What is being asked: Starting with the line that contains "exactly k qubits." and stopping after the line that contains "(partial : bool)", copy the entries below exactly. Include nothing else.
+++ Data shown
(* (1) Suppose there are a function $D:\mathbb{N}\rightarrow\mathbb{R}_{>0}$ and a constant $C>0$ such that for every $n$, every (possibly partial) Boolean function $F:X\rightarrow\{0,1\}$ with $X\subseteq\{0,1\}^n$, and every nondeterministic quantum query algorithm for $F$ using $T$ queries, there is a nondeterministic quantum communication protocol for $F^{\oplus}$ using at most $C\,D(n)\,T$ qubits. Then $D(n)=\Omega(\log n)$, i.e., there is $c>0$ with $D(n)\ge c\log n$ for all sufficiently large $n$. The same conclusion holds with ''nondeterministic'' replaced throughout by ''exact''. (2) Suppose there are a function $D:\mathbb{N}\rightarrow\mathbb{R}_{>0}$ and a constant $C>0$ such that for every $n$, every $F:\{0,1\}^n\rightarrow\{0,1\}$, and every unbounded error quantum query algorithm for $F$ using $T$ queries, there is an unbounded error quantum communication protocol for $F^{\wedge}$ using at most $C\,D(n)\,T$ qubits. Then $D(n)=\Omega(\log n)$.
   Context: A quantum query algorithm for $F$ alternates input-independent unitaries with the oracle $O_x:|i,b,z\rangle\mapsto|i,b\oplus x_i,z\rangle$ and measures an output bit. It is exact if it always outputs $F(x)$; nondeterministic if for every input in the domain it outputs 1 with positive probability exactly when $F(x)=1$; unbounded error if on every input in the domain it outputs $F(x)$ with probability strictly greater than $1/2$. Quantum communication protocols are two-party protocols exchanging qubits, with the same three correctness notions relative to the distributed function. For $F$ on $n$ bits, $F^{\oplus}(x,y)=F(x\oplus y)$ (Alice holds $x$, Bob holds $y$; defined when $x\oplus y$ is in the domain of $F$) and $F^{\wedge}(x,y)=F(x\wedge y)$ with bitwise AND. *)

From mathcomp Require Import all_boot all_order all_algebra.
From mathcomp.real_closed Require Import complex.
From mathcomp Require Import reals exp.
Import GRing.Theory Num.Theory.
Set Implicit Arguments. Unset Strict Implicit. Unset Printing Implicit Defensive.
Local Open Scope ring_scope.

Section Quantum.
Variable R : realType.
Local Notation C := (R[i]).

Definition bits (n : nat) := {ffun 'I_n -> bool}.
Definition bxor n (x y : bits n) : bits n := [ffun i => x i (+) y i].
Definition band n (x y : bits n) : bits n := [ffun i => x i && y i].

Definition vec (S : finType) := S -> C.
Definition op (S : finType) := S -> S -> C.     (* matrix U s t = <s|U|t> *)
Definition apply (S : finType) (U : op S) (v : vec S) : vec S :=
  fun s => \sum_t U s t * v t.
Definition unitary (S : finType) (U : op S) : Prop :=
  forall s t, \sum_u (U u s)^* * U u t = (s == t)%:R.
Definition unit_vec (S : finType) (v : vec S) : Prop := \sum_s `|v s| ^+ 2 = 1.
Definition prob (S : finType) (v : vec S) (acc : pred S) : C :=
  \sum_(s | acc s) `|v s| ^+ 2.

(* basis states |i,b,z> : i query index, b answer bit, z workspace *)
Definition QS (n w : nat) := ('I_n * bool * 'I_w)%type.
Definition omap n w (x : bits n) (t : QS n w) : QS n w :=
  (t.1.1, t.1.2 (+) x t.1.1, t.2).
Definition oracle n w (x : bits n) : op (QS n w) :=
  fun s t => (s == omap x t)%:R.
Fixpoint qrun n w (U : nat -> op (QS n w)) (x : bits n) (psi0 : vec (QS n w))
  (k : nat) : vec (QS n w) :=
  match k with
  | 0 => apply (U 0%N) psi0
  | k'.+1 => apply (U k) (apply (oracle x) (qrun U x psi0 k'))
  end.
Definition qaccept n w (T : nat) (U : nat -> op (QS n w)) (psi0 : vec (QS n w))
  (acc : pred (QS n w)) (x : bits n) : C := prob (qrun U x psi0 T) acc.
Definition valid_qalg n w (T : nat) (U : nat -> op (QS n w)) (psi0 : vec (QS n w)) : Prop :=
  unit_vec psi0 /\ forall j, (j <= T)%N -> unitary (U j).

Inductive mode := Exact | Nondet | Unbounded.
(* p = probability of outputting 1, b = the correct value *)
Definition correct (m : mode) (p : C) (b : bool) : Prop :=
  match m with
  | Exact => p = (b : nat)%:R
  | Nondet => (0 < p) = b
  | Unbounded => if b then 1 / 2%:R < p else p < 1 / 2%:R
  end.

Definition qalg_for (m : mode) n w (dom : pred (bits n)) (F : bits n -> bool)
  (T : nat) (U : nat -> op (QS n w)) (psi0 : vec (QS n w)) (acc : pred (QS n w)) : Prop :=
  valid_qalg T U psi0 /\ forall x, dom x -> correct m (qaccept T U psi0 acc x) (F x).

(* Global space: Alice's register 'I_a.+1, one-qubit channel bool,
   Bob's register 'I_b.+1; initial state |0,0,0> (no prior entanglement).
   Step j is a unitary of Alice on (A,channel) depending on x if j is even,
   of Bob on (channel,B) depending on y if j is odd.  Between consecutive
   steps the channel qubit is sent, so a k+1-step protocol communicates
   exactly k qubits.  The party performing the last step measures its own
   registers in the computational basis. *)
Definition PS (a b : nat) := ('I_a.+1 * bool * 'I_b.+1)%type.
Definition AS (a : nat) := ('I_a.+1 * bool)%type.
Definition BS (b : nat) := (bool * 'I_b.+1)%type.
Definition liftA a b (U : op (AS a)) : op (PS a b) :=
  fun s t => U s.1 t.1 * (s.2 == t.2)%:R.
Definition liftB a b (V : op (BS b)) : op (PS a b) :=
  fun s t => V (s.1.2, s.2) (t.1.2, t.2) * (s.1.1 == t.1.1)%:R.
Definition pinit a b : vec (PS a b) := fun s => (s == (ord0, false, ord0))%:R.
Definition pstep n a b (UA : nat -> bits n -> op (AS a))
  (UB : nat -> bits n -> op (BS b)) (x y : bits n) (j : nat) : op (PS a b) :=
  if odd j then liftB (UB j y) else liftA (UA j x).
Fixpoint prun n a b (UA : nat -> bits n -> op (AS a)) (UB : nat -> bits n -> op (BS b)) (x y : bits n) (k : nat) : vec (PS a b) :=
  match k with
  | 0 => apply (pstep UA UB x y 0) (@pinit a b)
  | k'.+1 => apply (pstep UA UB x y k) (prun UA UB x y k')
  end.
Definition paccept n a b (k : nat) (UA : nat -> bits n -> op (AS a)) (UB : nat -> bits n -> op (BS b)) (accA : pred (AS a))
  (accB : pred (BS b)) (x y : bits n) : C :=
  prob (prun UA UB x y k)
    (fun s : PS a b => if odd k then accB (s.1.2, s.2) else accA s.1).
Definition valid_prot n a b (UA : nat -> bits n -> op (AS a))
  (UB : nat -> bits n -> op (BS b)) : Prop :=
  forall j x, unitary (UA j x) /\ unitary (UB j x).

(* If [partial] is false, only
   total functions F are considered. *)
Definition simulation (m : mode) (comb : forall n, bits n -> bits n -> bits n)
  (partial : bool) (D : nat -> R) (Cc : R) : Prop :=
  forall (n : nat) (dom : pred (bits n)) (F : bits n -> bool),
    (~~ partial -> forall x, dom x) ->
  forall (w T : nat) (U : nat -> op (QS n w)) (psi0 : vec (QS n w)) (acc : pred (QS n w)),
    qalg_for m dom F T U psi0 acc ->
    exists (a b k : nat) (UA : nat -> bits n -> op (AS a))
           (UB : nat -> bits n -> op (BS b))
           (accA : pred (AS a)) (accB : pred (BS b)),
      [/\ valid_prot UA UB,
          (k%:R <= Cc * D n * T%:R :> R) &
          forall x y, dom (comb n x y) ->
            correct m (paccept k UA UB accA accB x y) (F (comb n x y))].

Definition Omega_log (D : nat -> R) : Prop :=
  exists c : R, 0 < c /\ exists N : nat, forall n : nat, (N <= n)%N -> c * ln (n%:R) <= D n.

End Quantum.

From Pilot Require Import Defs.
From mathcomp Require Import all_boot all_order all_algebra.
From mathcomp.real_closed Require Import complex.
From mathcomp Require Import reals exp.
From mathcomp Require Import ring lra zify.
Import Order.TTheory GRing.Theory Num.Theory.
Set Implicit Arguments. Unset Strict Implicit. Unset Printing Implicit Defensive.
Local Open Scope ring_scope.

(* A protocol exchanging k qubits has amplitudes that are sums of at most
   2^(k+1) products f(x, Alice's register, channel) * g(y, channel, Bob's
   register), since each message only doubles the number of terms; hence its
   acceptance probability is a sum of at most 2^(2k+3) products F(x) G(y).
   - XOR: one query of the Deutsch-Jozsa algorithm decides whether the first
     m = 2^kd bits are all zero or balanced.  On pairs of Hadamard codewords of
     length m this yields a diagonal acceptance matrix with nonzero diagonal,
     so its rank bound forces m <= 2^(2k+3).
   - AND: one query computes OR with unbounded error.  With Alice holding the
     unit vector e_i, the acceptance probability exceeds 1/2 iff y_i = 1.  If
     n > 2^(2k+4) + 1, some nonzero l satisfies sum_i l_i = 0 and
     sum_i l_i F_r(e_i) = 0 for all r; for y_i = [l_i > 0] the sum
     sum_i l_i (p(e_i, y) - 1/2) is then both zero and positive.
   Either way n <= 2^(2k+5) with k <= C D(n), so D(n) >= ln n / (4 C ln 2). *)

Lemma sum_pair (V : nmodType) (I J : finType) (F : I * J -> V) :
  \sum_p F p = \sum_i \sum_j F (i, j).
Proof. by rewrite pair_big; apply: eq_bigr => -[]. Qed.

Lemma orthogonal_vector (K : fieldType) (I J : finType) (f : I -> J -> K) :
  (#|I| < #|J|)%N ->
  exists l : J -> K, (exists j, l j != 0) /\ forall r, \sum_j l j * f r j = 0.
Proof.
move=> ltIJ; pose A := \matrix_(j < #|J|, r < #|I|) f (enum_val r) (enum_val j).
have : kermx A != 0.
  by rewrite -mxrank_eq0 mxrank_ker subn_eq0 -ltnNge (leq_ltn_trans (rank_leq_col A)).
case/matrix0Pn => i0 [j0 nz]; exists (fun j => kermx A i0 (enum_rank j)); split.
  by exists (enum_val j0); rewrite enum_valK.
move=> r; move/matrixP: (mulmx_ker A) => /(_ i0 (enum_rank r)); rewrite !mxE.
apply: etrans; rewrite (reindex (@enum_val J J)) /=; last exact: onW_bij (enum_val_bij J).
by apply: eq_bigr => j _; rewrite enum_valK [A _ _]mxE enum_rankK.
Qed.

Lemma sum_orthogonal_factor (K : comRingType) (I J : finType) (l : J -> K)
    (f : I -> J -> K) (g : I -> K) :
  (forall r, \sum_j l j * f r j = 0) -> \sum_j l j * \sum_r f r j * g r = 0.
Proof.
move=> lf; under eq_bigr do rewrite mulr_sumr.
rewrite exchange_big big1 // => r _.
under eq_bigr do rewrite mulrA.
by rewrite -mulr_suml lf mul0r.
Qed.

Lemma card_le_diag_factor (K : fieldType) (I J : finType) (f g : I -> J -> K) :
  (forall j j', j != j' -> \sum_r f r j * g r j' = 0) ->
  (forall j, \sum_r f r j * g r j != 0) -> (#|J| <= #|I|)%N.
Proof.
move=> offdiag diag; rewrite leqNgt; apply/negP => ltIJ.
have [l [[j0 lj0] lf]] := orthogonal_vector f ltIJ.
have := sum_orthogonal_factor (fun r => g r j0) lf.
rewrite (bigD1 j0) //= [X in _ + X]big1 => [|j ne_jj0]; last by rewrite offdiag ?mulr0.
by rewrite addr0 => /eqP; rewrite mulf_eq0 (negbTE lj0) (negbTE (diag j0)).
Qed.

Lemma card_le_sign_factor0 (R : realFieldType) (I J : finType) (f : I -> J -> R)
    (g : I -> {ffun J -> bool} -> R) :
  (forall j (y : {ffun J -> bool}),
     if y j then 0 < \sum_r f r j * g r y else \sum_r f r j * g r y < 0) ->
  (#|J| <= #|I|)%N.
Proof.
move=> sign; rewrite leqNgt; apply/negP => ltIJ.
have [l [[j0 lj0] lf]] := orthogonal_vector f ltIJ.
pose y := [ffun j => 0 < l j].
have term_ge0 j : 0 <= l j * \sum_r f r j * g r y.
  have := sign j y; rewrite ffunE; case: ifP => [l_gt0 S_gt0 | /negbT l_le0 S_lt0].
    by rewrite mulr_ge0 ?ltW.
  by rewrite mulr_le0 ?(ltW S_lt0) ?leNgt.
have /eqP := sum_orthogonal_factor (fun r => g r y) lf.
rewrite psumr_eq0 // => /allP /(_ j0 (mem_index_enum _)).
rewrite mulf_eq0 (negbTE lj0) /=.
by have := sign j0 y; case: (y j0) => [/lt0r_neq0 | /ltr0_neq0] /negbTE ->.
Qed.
++++++
Exercise result:
   exactly k qubits.  The party performing the last step measures its own
   registers in the computational basis. *)
Definition PS (a b : nat) := ('I_a.+1 * bool * 'I_b.+1)%type.
Definition AS (a : nat) := ('I_a.+1 * bool)%type.
Definition BS (b : nat) := (bool * 'I_b.+1)%type.
Definition liftA a b (U : op (AS a)) : op (PS a b) :=
  fun s t => U s.1 t.1 * (s.2 == t.2)%:R.
Definition liftB a b (V : op (BS b)) : op (PS a b) :=
  fun s t => V (s.1.2, s.2) (t.1.2, t.2) * (s.1.1 == t.1.1)%:R.
Definition pinit a b : vec (PS a b) := fun s => (s == (ord0, false, ord0))%:R.
Definition pstep n a b (UA : nat -> bits n -> op (AS a))
  (UB : nat -> bits n -> op (BS b)) (x y : bits n) (j : nat) : op (PS a b) :=
  if odd j then liftB (UB j y) else liftA (UA j x).
Fixpoint prun n a b (UA : nat -> bits n -> op (AS a)) (UB : nat -> bits n -> op (BS b)) (x y : bits n) (k : nat) : vec (PS a b) :=
  match k with
  | 0 => apply (pstep UA UB x y 0) (@pinit a b)
  | k'.+1 => apply (pstep UA UB x y k) (prun UA UB x y k')
  end.
Definition paccept n a b (k : nat) (UA : nat -> bits n -> op (AS a)) (UB : nat -> bits n -> op (BS b)) (accA : pred (AS a))
  (accB : pred (BS b)) (x y : bits n) : C :=
  prob (prun UA UB x y k)
    (fun s : PS a b => if odd k then accB (s.1.2, s.2) else accA s.1).
Definition valid_prot n a b (UA : nat -> bits n -> op (AS a))
  (UB : nat -> bits n -> op (BS b)) : Prop :=
  forall j x, unitary (UA j x) /\ unitary (UB j x).

(* If [partial] is false, only
   total functions F are considered. *)
Definition simulation (m : mode) (comb : forall n, bits n -> bits n -> bits n)
  (partial : bool) (D : nat -> R) (Cc : R) : Prop :=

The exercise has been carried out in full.